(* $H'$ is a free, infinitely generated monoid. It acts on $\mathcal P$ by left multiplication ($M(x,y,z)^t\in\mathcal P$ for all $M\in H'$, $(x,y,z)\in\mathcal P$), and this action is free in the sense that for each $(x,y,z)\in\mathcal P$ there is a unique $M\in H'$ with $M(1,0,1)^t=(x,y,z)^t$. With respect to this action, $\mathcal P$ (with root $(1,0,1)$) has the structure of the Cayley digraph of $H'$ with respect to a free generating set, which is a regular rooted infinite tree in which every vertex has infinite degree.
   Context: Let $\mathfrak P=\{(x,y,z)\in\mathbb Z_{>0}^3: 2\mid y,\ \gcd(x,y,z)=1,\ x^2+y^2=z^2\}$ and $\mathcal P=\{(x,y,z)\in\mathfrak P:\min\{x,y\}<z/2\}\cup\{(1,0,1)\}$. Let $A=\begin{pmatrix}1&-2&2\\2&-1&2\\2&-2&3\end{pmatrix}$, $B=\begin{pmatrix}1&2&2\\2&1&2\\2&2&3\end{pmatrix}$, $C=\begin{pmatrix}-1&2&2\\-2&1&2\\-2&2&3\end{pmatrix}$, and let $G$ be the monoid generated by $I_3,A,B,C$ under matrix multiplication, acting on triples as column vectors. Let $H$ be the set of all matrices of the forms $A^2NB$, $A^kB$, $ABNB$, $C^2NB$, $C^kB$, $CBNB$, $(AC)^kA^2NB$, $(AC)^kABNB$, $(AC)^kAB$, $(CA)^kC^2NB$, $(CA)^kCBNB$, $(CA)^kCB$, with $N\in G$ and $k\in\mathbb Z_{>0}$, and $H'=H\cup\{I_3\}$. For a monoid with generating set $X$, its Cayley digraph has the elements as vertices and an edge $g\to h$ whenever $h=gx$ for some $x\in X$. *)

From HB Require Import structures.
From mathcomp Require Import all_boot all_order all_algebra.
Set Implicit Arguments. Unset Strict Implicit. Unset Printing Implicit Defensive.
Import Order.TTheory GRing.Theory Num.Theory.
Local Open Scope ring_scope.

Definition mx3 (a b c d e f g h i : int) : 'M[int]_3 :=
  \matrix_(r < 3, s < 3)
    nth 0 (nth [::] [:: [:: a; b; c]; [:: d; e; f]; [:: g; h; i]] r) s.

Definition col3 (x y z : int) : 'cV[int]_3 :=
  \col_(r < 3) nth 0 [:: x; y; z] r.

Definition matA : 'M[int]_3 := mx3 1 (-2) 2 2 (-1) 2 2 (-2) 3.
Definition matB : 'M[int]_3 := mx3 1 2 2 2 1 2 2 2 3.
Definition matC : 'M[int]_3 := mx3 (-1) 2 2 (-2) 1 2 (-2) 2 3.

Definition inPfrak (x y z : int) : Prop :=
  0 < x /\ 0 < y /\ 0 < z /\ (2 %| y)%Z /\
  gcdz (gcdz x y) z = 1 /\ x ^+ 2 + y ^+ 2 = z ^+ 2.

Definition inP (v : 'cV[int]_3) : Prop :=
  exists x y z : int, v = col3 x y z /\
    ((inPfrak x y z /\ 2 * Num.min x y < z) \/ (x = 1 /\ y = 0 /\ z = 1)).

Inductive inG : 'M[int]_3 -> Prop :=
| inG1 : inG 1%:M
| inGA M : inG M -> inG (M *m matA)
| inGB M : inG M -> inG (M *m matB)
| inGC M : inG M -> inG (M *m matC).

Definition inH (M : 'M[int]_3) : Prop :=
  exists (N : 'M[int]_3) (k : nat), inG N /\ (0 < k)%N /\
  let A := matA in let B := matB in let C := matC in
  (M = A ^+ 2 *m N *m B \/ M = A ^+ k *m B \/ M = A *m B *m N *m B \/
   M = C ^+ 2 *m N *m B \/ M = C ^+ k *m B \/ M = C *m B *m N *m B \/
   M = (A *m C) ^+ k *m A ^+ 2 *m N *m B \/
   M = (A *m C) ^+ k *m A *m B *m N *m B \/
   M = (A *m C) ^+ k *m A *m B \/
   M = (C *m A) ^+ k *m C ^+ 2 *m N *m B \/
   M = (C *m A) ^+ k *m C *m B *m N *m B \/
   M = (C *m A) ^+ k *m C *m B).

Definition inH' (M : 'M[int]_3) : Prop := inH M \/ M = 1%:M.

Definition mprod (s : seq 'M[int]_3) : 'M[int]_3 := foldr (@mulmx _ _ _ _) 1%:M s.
--
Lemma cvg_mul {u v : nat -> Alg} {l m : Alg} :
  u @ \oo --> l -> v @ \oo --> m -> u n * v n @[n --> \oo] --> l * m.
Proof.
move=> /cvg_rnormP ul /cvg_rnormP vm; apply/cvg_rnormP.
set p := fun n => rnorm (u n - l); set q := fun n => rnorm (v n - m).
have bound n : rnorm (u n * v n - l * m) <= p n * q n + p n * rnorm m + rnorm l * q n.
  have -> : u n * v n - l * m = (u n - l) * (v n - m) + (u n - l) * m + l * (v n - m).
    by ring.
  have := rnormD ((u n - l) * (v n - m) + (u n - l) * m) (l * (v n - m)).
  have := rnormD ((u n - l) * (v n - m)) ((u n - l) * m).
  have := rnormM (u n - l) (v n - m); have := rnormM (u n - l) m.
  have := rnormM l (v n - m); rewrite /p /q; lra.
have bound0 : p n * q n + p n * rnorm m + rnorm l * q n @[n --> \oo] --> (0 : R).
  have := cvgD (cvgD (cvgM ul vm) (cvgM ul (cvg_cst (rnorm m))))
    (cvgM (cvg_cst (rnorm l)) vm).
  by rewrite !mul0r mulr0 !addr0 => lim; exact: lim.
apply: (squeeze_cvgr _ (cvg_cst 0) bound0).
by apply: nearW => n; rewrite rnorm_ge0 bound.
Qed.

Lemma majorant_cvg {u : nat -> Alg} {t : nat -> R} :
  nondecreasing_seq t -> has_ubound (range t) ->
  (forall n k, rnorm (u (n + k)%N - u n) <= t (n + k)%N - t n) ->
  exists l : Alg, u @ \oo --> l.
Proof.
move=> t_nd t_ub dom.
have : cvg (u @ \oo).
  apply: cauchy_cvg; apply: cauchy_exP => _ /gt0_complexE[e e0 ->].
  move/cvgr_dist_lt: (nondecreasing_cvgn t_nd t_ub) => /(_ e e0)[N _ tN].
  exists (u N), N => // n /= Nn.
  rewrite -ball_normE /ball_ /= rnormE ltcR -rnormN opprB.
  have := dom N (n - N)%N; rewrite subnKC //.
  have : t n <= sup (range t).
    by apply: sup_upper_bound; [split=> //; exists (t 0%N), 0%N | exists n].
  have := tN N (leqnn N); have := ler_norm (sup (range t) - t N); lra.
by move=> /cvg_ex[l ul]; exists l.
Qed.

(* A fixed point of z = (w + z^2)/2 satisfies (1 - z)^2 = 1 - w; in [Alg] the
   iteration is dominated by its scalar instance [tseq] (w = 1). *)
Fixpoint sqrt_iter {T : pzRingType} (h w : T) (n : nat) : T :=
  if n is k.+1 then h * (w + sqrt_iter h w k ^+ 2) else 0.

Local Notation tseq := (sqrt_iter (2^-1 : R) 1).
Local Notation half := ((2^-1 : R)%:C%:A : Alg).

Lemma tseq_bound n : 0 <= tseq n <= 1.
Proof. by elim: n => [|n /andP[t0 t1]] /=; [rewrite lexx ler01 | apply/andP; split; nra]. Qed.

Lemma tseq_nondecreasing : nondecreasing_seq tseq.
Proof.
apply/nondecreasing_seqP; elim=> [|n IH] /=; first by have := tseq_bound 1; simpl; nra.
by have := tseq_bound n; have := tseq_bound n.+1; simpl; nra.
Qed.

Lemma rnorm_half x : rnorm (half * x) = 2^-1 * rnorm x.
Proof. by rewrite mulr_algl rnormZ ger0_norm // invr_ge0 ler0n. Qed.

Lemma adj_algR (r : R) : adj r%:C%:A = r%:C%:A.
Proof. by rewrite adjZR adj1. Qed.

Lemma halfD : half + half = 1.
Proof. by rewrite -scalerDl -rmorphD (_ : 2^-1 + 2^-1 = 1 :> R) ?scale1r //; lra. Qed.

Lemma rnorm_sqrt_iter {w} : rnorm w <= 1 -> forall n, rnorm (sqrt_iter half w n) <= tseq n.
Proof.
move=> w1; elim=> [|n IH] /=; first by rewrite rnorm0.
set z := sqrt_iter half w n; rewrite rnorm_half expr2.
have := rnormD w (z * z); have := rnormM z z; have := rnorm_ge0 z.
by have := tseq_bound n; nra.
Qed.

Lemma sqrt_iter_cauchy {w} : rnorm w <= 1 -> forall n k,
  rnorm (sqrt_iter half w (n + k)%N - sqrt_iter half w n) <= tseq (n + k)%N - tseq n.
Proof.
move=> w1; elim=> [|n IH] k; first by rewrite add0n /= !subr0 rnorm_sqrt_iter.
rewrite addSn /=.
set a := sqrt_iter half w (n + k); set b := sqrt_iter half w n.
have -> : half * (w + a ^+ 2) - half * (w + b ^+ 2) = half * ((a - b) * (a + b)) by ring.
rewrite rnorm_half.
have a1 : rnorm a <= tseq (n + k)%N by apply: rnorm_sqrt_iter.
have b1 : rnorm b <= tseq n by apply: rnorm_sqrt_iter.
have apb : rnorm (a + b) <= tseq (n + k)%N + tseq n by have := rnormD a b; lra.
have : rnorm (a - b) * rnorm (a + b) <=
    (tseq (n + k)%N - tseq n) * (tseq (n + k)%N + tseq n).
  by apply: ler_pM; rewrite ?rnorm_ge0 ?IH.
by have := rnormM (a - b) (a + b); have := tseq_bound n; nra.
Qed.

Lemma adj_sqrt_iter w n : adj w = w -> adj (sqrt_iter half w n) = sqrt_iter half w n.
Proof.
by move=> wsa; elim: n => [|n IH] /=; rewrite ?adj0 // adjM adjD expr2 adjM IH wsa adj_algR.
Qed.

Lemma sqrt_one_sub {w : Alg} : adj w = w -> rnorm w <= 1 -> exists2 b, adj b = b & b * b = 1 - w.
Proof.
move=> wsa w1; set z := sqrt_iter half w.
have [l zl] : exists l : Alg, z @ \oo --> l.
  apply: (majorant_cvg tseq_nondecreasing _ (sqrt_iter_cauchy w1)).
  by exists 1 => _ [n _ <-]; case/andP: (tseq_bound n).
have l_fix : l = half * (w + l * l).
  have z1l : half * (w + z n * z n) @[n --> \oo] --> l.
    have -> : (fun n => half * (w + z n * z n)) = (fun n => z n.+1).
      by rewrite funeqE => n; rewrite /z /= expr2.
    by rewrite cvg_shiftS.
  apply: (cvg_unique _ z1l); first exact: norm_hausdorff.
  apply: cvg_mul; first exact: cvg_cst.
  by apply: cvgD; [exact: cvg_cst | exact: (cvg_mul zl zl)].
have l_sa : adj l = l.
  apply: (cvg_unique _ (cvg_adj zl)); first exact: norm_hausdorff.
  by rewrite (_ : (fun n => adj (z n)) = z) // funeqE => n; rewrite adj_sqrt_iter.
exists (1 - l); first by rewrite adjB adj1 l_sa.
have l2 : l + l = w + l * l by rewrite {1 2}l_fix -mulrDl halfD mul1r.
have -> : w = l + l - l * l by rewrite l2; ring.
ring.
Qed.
--
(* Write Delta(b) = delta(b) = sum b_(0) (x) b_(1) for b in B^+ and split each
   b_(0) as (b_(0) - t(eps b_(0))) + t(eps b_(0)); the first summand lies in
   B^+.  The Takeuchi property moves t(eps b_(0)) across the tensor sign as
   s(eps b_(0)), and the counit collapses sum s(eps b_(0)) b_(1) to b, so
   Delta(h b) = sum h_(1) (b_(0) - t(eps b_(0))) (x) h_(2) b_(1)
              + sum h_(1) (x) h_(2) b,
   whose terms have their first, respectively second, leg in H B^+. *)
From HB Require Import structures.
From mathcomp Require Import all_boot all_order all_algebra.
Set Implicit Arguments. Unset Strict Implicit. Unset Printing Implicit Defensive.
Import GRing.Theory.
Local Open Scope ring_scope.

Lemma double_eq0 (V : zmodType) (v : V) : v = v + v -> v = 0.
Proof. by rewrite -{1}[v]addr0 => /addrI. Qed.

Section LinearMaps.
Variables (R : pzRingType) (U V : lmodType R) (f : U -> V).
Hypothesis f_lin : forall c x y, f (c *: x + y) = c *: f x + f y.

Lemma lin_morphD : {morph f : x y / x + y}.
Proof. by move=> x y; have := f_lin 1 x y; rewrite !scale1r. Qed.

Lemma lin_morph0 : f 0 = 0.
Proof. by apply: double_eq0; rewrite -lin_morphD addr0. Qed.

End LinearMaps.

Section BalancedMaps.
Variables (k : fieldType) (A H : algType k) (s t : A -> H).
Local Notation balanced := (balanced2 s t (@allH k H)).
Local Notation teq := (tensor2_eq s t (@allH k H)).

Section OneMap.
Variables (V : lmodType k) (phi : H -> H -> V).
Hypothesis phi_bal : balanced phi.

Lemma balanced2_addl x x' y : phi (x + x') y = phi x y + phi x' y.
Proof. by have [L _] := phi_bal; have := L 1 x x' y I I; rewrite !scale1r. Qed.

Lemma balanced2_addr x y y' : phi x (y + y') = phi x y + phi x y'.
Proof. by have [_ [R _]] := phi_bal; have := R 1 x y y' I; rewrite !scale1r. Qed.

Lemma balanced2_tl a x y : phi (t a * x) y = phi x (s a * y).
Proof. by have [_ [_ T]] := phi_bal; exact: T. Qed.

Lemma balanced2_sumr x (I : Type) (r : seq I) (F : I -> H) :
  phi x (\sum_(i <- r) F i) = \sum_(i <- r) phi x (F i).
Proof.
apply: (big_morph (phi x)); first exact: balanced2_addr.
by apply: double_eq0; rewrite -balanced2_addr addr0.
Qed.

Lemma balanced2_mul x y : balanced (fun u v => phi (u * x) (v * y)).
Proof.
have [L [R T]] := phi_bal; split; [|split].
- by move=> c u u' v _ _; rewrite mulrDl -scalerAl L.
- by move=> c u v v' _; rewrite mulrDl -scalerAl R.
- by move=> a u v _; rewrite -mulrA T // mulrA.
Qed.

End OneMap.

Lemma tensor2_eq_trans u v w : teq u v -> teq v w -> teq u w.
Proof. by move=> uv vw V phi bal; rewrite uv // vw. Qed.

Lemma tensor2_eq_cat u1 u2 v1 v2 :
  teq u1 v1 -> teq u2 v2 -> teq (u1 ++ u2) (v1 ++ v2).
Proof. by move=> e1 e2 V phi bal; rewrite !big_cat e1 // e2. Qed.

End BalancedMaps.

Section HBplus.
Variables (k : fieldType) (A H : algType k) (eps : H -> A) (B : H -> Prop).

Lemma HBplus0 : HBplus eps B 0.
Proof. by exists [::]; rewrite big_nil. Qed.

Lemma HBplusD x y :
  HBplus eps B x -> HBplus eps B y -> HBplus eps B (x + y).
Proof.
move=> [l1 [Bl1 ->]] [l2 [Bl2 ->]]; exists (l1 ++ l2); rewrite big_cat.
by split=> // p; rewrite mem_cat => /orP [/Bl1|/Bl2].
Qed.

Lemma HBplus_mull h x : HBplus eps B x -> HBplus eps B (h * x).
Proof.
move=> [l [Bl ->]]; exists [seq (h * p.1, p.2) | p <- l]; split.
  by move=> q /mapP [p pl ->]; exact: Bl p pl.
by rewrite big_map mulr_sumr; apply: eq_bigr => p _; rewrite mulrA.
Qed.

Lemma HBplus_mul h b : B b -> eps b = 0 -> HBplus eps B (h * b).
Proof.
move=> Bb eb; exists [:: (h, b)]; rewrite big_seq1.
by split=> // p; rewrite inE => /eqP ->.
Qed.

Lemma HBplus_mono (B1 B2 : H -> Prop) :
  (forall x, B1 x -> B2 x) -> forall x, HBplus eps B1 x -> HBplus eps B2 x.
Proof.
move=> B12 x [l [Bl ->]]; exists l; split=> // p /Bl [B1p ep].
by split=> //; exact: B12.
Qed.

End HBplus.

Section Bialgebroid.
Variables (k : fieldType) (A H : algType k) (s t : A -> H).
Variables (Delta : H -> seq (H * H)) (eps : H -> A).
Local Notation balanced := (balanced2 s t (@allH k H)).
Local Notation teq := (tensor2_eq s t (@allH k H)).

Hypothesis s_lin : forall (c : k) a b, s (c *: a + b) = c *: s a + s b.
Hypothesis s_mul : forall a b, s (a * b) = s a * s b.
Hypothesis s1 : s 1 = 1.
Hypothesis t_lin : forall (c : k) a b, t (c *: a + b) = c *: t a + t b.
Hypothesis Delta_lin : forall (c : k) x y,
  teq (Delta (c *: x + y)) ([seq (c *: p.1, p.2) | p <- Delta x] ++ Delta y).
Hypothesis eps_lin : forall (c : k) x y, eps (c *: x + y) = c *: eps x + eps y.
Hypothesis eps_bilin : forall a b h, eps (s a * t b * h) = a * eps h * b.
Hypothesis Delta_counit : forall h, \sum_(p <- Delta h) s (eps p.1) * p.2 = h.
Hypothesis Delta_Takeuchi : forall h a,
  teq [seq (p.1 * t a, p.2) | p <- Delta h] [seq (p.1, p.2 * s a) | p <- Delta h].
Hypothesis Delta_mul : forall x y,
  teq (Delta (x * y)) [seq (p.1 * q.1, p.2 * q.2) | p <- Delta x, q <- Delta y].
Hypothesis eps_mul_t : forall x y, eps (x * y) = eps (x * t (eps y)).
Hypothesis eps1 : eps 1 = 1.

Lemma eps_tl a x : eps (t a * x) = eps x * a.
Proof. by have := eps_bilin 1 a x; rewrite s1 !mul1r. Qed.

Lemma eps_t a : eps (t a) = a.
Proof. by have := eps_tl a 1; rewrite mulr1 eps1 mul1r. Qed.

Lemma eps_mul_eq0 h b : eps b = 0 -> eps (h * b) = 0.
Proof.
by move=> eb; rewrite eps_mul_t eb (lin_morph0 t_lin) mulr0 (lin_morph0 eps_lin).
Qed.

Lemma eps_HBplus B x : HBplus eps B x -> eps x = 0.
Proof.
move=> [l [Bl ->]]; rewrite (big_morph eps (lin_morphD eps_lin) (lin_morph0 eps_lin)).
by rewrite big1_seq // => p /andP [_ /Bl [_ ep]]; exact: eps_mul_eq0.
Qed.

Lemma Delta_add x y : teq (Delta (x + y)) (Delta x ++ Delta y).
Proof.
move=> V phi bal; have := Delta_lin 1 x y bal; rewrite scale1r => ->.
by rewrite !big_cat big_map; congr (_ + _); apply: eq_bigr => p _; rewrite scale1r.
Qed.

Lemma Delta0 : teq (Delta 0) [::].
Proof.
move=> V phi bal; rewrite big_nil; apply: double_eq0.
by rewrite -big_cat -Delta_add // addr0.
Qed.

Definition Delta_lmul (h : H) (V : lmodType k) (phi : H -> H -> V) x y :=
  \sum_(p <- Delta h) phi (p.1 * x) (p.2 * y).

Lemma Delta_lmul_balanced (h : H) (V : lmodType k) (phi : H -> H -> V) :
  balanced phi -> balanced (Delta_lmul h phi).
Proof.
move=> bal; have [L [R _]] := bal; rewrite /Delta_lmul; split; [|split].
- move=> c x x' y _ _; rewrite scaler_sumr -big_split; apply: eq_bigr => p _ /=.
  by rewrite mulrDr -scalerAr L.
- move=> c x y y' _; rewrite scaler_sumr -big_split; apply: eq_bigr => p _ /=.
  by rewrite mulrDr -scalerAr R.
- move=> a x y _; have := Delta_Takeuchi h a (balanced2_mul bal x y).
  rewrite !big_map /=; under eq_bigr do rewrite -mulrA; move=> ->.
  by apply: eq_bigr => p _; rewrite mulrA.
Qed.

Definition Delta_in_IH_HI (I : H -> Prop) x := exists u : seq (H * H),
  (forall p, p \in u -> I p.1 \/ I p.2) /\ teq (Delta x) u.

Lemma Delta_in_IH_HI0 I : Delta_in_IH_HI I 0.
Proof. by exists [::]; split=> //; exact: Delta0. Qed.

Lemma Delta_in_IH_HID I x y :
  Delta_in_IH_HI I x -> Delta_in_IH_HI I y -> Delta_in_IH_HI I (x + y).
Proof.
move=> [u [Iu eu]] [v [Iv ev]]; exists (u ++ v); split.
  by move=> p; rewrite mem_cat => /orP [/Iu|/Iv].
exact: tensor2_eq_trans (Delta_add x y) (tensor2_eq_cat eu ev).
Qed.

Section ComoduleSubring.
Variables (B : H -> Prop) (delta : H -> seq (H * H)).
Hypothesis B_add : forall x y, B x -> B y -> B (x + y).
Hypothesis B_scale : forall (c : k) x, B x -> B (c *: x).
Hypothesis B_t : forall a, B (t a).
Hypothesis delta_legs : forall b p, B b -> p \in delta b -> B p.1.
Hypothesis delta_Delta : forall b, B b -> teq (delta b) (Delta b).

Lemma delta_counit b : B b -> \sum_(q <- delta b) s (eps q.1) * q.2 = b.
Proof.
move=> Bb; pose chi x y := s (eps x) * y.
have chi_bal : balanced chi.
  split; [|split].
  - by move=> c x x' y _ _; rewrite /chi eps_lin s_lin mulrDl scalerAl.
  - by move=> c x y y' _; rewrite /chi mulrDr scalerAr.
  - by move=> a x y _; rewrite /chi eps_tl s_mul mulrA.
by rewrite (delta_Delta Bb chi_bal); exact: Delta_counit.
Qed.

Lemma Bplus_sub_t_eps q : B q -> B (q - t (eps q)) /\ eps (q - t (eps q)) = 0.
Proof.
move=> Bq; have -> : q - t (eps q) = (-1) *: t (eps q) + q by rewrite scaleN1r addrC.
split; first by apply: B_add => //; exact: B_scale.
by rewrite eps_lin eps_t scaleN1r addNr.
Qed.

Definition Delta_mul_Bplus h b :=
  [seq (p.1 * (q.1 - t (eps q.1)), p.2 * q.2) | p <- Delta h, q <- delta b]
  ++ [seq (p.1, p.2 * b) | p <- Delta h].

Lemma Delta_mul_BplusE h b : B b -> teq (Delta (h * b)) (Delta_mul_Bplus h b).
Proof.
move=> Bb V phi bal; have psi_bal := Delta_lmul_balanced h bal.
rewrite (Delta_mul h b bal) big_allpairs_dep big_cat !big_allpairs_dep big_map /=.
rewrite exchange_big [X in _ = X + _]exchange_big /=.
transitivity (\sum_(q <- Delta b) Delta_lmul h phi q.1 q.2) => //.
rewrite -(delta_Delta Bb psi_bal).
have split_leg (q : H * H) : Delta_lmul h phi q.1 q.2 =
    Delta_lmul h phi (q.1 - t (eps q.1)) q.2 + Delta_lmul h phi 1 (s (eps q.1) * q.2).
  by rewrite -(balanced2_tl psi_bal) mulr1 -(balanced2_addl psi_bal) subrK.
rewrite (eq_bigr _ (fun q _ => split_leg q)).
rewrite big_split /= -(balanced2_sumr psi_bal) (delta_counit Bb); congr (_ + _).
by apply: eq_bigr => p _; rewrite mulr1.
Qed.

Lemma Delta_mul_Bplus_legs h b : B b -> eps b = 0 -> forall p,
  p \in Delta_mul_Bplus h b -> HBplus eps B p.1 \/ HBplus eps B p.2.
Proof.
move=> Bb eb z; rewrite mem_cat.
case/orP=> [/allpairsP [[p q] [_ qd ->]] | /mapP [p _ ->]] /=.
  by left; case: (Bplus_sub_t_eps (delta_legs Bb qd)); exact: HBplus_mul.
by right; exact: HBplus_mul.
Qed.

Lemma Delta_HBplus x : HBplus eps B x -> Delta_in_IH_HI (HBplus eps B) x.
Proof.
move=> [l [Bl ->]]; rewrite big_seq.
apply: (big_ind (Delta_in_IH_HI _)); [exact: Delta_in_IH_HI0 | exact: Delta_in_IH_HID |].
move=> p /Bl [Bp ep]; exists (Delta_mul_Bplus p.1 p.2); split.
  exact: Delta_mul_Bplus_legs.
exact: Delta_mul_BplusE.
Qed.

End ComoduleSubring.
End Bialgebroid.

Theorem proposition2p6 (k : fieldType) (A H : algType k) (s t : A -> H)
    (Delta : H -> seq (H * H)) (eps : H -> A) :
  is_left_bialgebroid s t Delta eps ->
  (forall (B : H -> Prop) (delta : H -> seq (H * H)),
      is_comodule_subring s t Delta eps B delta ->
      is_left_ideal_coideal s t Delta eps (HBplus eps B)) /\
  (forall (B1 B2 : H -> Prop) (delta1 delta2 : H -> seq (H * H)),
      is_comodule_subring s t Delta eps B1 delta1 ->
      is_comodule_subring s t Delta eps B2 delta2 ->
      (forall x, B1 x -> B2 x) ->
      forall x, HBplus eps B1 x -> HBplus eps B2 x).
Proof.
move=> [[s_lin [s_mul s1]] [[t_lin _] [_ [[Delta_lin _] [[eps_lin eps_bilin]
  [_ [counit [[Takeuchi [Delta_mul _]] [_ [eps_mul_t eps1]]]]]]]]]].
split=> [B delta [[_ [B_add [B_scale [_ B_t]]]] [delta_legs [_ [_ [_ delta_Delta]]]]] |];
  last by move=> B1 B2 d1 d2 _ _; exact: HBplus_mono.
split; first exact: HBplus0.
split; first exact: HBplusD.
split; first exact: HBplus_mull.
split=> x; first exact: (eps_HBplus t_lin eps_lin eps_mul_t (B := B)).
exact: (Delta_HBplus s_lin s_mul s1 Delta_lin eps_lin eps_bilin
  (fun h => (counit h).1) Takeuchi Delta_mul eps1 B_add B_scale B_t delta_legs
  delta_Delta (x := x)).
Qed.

#### TASK REQUIREMENTS
Go through the entries above and copy out every line that includes the word "halfD".

#### COMPLETED EXERCISE
Lemma halfD : half + half = 1.
have l2 : l + l = w + l * l by rewrite {1 2}l_fix -mulrDl halfD mul1r.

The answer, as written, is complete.